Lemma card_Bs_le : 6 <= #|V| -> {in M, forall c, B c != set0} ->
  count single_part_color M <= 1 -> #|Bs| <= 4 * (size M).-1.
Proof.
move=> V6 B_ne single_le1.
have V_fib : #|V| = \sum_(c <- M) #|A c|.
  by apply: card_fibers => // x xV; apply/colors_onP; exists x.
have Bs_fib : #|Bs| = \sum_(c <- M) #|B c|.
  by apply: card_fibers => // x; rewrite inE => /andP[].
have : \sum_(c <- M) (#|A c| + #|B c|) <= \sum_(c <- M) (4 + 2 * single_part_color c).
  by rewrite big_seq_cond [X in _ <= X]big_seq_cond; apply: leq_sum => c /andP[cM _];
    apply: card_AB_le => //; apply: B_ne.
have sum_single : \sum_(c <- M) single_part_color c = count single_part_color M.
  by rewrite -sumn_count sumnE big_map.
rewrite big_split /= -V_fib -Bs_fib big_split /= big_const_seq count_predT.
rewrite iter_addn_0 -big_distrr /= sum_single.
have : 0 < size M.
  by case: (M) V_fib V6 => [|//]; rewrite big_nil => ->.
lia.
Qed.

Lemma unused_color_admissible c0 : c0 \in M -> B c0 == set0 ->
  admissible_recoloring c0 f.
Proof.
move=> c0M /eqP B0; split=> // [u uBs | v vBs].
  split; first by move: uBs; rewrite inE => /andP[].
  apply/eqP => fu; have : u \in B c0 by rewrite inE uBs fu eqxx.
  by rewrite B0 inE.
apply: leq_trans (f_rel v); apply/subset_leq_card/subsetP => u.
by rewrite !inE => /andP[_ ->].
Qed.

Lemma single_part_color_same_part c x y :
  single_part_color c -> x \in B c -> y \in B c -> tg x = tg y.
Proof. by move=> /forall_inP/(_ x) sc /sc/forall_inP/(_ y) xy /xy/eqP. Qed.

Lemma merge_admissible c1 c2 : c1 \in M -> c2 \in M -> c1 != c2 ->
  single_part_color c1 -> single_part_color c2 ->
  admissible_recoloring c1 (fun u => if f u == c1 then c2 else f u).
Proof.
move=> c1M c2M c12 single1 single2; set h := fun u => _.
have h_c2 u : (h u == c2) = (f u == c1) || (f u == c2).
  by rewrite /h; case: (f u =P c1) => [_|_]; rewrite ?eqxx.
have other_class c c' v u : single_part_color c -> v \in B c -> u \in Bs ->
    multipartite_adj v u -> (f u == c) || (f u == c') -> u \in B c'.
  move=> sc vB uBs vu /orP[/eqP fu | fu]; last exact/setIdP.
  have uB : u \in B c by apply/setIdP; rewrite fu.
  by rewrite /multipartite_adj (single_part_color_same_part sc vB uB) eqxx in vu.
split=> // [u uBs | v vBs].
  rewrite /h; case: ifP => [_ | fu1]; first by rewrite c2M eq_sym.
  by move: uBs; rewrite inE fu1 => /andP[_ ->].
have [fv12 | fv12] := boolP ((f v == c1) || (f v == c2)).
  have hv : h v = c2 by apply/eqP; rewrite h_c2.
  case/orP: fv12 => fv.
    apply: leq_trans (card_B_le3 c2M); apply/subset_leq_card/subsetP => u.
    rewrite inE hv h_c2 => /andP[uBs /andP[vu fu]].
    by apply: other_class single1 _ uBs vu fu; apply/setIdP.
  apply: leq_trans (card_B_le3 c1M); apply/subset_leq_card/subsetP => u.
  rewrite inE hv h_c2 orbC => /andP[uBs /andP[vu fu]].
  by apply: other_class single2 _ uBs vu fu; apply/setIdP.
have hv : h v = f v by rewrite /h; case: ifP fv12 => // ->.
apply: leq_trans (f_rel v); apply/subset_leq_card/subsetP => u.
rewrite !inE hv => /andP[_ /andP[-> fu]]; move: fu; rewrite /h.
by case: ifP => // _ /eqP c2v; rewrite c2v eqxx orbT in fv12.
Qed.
--
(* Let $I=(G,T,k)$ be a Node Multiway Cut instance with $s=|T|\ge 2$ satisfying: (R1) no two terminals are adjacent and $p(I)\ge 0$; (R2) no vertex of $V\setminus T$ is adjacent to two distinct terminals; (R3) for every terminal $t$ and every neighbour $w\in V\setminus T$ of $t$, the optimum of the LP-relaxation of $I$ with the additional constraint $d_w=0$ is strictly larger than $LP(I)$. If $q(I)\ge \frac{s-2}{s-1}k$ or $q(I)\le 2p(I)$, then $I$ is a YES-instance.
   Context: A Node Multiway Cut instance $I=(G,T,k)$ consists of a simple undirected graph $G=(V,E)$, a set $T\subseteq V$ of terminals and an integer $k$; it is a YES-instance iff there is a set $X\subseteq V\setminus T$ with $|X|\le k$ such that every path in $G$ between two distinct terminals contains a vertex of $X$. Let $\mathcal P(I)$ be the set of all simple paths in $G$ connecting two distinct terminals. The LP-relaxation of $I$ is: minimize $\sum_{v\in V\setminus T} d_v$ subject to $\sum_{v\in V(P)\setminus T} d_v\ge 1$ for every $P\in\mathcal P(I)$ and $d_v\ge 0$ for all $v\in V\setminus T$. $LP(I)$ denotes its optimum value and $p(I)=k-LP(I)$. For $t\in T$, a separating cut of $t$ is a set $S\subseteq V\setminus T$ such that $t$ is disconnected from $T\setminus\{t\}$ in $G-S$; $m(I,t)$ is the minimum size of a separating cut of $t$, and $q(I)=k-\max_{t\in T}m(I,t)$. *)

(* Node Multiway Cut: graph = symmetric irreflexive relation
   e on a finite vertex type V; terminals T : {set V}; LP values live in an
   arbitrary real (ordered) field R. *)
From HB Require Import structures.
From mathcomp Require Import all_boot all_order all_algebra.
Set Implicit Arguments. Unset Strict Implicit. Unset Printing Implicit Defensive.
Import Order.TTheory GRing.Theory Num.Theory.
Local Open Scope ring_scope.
---
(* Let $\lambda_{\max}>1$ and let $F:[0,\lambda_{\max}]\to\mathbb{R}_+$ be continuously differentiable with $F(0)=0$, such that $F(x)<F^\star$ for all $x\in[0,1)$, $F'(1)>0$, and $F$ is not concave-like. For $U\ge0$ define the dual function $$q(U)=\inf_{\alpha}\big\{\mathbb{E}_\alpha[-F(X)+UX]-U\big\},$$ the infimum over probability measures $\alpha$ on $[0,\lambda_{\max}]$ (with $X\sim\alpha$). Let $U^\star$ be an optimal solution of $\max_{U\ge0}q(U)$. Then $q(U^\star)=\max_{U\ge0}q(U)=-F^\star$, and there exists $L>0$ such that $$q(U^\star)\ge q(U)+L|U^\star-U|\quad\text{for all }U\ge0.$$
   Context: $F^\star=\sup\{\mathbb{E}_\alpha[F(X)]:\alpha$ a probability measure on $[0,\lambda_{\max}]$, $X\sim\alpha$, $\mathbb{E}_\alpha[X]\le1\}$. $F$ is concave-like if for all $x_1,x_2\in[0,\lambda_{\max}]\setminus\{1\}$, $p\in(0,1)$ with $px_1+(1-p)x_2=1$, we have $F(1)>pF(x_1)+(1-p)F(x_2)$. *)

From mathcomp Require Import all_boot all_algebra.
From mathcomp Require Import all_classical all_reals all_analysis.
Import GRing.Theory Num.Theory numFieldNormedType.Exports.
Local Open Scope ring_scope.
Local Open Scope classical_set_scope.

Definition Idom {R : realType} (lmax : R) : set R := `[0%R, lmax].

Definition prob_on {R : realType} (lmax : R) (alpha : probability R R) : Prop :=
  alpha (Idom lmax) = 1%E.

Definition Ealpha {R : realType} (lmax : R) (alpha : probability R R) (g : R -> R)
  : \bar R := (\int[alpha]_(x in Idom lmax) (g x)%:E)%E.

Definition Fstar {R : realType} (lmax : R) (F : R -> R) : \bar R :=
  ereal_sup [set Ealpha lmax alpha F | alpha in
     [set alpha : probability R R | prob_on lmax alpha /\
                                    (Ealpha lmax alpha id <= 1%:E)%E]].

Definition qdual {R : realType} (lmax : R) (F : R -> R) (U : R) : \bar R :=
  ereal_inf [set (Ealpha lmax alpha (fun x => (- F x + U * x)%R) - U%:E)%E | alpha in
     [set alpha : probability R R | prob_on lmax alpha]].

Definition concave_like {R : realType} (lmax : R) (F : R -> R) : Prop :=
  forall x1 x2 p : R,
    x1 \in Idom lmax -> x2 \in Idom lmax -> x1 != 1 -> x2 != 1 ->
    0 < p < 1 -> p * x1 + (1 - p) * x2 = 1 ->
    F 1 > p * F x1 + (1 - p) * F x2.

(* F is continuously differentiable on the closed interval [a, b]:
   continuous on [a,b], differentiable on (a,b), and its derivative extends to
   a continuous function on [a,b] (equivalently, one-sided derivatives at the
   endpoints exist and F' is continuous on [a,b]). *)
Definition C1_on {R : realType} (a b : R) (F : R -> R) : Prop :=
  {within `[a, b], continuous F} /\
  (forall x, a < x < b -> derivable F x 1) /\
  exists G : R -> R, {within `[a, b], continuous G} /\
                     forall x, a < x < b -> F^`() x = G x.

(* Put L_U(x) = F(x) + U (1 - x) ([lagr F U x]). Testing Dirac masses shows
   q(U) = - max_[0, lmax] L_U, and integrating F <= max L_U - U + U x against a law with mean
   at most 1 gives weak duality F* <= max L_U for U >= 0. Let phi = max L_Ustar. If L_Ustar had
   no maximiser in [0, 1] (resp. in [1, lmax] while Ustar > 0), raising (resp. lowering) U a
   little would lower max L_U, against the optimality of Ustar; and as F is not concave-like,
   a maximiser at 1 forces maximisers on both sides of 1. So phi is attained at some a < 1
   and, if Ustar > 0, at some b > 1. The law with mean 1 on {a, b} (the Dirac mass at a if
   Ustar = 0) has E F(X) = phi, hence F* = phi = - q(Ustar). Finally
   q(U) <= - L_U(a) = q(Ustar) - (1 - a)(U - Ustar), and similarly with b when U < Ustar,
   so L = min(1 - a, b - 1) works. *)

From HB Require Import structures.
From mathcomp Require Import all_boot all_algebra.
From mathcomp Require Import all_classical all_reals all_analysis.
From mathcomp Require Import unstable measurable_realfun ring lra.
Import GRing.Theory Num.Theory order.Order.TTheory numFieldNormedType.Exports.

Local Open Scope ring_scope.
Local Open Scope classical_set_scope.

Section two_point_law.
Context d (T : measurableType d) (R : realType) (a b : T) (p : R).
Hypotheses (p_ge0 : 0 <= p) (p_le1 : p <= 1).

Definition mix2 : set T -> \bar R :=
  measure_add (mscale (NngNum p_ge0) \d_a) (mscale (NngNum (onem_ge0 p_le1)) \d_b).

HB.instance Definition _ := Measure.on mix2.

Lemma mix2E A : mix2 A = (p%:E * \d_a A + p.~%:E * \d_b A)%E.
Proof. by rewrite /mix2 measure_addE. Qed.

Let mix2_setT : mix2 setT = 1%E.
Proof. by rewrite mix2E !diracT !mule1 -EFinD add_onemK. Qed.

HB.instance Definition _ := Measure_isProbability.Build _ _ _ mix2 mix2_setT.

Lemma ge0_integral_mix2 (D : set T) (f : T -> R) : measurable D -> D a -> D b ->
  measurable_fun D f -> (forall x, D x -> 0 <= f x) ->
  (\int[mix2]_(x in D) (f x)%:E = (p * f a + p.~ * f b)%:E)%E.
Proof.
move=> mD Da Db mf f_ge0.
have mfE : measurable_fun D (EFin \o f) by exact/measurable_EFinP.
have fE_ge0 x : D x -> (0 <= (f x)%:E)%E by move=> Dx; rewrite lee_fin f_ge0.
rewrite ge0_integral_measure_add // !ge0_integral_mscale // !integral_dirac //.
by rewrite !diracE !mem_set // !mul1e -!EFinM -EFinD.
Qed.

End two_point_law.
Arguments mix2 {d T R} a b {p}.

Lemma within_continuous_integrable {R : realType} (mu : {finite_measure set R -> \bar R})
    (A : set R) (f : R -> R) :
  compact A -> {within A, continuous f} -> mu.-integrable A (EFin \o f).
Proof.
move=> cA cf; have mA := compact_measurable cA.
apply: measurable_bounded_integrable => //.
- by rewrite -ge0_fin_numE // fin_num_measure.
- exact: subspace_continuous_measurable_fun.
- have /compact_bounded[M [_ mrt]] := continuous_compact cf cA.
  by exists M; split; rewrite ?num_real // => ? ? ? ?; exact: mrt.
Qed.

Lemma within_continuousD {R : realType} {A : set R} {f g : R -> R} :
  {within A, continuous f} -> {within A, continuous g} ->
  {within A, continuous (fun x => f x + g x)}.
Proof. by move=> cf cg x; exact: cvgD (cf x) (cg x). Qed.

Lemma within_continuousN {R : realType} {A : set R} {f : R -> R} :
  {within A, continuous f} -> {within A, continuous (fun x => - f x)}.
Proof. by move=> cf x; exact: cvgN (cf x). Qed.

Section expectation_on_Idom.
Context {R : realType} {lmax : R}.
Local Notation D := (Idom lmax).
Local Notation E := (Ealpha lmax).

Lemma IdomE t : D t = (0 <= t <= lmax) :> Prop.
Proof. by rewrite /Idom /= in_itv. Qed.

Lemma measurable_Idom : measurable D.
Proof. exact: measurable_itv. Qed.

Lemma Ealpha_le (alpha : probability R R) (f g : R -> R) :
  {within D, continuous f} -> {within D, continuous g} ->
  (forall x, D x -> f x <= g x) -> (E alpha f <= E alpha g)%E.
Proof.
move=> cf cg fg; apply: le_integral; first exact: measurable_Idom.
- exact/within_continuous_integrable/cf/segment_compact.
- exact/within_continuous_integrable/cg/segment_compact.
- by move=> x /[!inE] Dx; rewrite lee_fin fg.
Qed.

### EXERCISE
Find out how many lines in the data above hold the word "mean". Write only the number.

### WORKED SOLUTION
2